I slowly hung up the phone, dropped my boots down to the floor, and walked over to the window that looked out on the lobby. I eased the blind open ever so slightly and looked at the people standing, waiting patiently for a window clerk to handle their respective problems. Some were mailing packages; some were receiving packages too large to fit in a PO Box. It was my responsibility to make sure everything went smoothly and I wondered if I was up to the task. I slowly shut the blind and regained my chair. It was time to do more input to the computer.
Come five o’clock I was out the door. I had my hand on the Jeep’s door handle when a hunch about the missing package occurred to me. I slung my briefcase onto the passenger seat, closed the door, and walked over to the outside garbage bin. Taking a deep breath, I opened one of the lids and peered down, looking for actual garbage. No need to get slime all over myself. Seeing none, I crawled over the side and started shuffling paper and old envelopes around. Talk about a needle in a haystack. I looked back over my shoulder to see if anybody had seen me. Since everybody else stopped work either at four o’clock or five-thirty, there was little chance anyone had. I dove back into the trash, determined to inspect the whole bin. I knew it as soon as I saw it: a large package, two feet on a side, with writing all over it, naturally at the very bottom of the bin.

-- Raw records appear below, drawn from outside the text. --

(* Fix $1\le p<2$. There is a constant $\alpha_p>0$ depending only on $p$ such that the following holds. Let $n\ge3$, let $X_1,\dots,X_n$ be (possibly dependent) random variables each with distribution $\mathcal{D}_p$, and let $\gamma_1,\dots,\gamma_n>0$ with $\gamma=\sum_i\gamma_i$. Then for every $t\ge1$, $$\Pr\Big[\sum_{i=1}^n\gamma_i|X_i|^p>\alpha_p\gamma t\Big]\le\frac{2\log(nt)}{t}.$$
   Context: $\log$ is the natural logarithm. $\mathcal{D}_p$ denotes the standard symmetric $p$-stable distribution: if $Y_1,\dots,Y_m$ are i.i.d. $\sim\mathcal{D}_p$ and $a\in\mathbb{R}^m$, then $\sum_ia_iY_i$ has the same distribution as $(\sum_i|a_i|^p)^{1/p}Y$ with $Y\sim\mathcal{D}_p$; $\mathcal{D}_1$ is the standard Cauchy distribution. Only the marginal distributions of the $X_i$ are assumed. *)

From HB Require Import structures.
From mathcomp Require Import all_boot all_order all_algebra.
From mathcomp Require Import all_classical all_reals all_analysis.
Set Implicit Arguments. Unset Strict Implicit. Unset Printing Implicit Defensive.
Import Order.TTheory GRing.Theory Num.Theory.
Local Open Scope ring_scope.
Local Open Scope classical_set_scope.

(* The real random variable X (on the probability space P) has the standard
   symmetric p-stable distribution D_p, i.e. its characteristic function is
   E[exp(i u X)] = exp(-|u|^p) for all real u; written out with real and
   imaginary parts: E[cos(uX)] = exp(-|u|^p) and E[sin(uX)] = 0.
   For p = 1 this is the standard Cauchy distribution. *)
Definition has_std_stable_law (R : realType) (d : measure_display)
  (T : measurableType d) (P : probability T R) (p : R) (X : T -> R) : Prop :=
  forall u : R,
    (\int[P]_w (cos (u * X w))%:E = (expR (- (`|u| `^ p)))%:E)%E /\
    (\int[P]_w (sin (u * X w))%:E = 0%E)%E.

From HB Require Import structures.
From mathcomp Require Import all_boot all_order all_algebra.
From mathcomp Require Import all_classical all_reals all_analysis.
From mathcomp Require Import ring lra measurable_realfun.
Import Order.TTheory GRing.Theory Num.Theory numFieldNormedType.Exports.
Local Open Scope ring_scope.
Local Open Scope classical_set_scope.

(* Each [|X_i|^p] has a weak-L^1 tail, [P (|X|^p > s) <= C / s]: averaging
   [E [1 - cos (v X)] = 1 - exp (- |v|^p) <= |v|^p] over an arithmetic
   progression of frequencies and bounding the Dirichlet kernel from below
   shows [P (x < |X|) <= 2 (2 / (x cos 1))^p].  Since only these marginal
   tails are used, dependence does not matter: below the level [e^m], each
   [|X_i|^p] is at most [1] plus the sum of [e^(k+1)] over the levels [e^k] it
   exceeds, each level costs [e C] in expectation, and reaching the top level
   has probability at most [n C / e^m].  Markov's inequality with
   [m ~ ln (n t)] gives the bound [2 ln (n t) / t]. *)

Section trigonometric_sums.
Context {R : realType}.

Lemma cos1_mul_le_sin (y : R) : 0 <= y <= 1 -> cos 1 * y <= sin y.
Proof.
move=> /andP[y0 y1].
have [] := @MVT_segment R sin cos 0 y y0.
- exact/continuous_subspaceT/continuous_sin.
move=> c /[!in_itv]/= /andP[c0 cy].
rewrite sin0 !subr0 => ->; apply: ler_wpM2r => //.
have pi1 : (1 : R) <= pi by apply: le_trans (pi_ge2 R); rewrite ler1n.
have c1 : c <= 1 by apply: le_trans cy y1.
by rewrite leNgt ltr_cos ?in_itv /= ?c0 ?ler01 ?(le_trans c1) // -leNgt.
Qed.

Lemma dirichlet_kernel (N : nat) (th : R) :
  2 * sin (th / 2) * \sum_(j < N) cos (j.+1%:R * th)
  = sin ((N%:R + 2^-1) * th) - sin (th / 2).
Proof.
pose f (k : nat) := sin ((k%:R + 2^-1) * th).
have step k : 2 * sin (th / 2) * cos (k.+1%:R * th) = f k.+1 - f k.
  rewrite /f -[k.+1%:R]natr1.
  have -> : (k%:R + 1 + 2^-1) * th = (k%:R + 1) * th + th / 2 by field.
  have -> : (k%:R + 2^-1) * th = (k%:R + 1) * th - th / 2 by field.
  by rewrite sinD sinB; ring.
rewrite mulr_sumr (eq_bigr (fun j : 'I_N => f j.+1 - f j)) => [|j _]; last exact: step.
rewrite -(big_mkord xpredT (fun j => f j.+1 - f j)) telescope_sumr //.
by rewrite /f /= add0r [2^-1 * _]mulrC.
Qed.

Lemma sum_one_sub_cos_ge (th : R) (N : nat) :
  0 < th <= 2 -> 2 <= N%:R * cos 1 * th ->
  N%:R / 2 <= \sum_(j < N) (1 - cos (j.+1%:R * th)).
Proof.
move=> /andP[th0 th2] Nth.
have s_ge : cos 1 * (th / 2) <= sin (th / 2).
  by apply: cos1_mul_le_sin; apply/andP; split; lra.
have s0 : 0 < sin (th / 2).
  by apply: lt_le_trans s_ge; rewrite mulr_gt0 ?cos1_gt0 ?divr_gt0.
rewrite big_split /= sumrN sumr_const card_ord -mulr_natl mulr1.
have := dirichlet_kernel N th; have := sin_le1 ((N%:R + 2^-1) * th).
set S := \sum_(j < N) _; set s := sin (th / 2) in s_ge s0 * => le1 D.
have sS : 2 * s * S <= 1 by lra.
have N0 : 0 <= N%:R :> R := ler0n _ _.
nra.
Qed.

End trigonometric_sums.

Lemma indic_ge0 {R : realType} {U : Type} (A : set U) (w : U) : 0 <= (\1_A w : R).
Proof. by rewrite indicE ler0n. Qed.

Definition mean_le {R : realType} {d : measure_display} {T : measurableType d}
    (P : probability T R) (f : T -> R) (r : R) :=
  [/\ measurable_fun setT f, (forall w, 0 <= f w) &
      (\int[P]_w (f w)%:E <= r%:E)%E].

Section mean_bounds.
Context {R : realType} {d : measure_display} {T : measurableType d}
  {P : probability T R}.

Lemma mean_le_trans {f r r'} : mean_le P f r -> r <= r' -> mean_le P f r'.
Proof.
by move=> [mf f0 If] rr'; split => //; apply: le_trans If _; rewrite lee_fin.
Qed.

Lemma mean_le_cst c : 0 <= c -> mean_le P (fun=> c) c.
Proof.
move=> c0; split => //.
rewrite integral_cst // -[leRHS]mule1 lee_wpmul2l ?lee_fin //.
exact: probability_le1.
Qed.

Lemma mean_le_indic {A : set T} {r} :
  measurable A -> (P A <= r%:E)%E -> mean_le P (\1_A) r.
Proof.
move=> mA PA; split; [exact: measurable_indic | exact: indic_ge0 |].
by rewrite integral_indic // setIT.
Qed.

Lemma mean_leD {f g r s} :
  mean_le P f r -> mean_le P g s -> mean_le P (fun w => f w + g w) (r + s).
Proof.
move=> [mf f0 If] [mg g0 Ig]; split.
- exact: measurable_funD.
- by move=> w; rewrite addr_ge0.
under eq_integral do rewrite EFinD.
rewrite ge0_integralD // ?EFinD ?leeD //; do ?exact/measurable_EFinP.
all: by move=> w _; rewrite lee_fin.
Qed.

Lemma mean_leZ {c f r} :
  0 <= c -> mean_le P f r -> mean_le P (fun w => c * f w) (c * r).
Proof.
move=> c0 [mf f0 If]; split.
- exact: measurable_funM.
- by move=> w; rewrite mulr_ge0.
under eq_integral do rewrite EFinM.
rewrite ge0_integralZl_EFin // ?EFinM ?lee_wpmul2l ?lee_fin //.
- by move=> w _; rewrite lee_fin.
- exact/measurable_EFinP.
Qed.

Lemma mean_le_sum (m : nat) (f : 'I_m -> T -> R) (r : 'I_m -> R) :
  (forall j, mean_le P (f j) (r j)) ->
  mean_le P (fun w => \sum_(j < m) f j w) (\sum_(j < m) r j).
Proof.
elim: m f r => [|m IH] f r fr.
  under eq_fun do rewrite big_ord0; rewrite big_ord0; exact: mean_le_cst.
under eq_fun do rewrite big_ord_recl; rewrite big_ord_recl.
by apply: mean_leD => //; apply: IH => j.
Qed.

It was my first inclination to haul the box out and call its owner. It was not just its weight—probably better than forty pounds—that made me pause. There was no way it had been put in the bin by mistake. Not a box that large. I laid it back down on the bottom of the bin. Garbage pick-up was not due for the next two days. Did I play amateur detective, or did I hand the “case” over to the postal inspectors? There was no way they could get here before morning, and meanwhile the culprit might make off with the package.
I climbed out of the bin without the package. If we had a stolen parts ring here in Fire Bay, then it was up to the US Postal Service to solve it. But I had to cover my rear. I knew the Boss wasn’t a great admirer of John Crouch, the postal inspector, so he might support me for a day or so.
I climbed into the Jeep and hustled to the B & B. Maybe I could catch the Boss before he left work.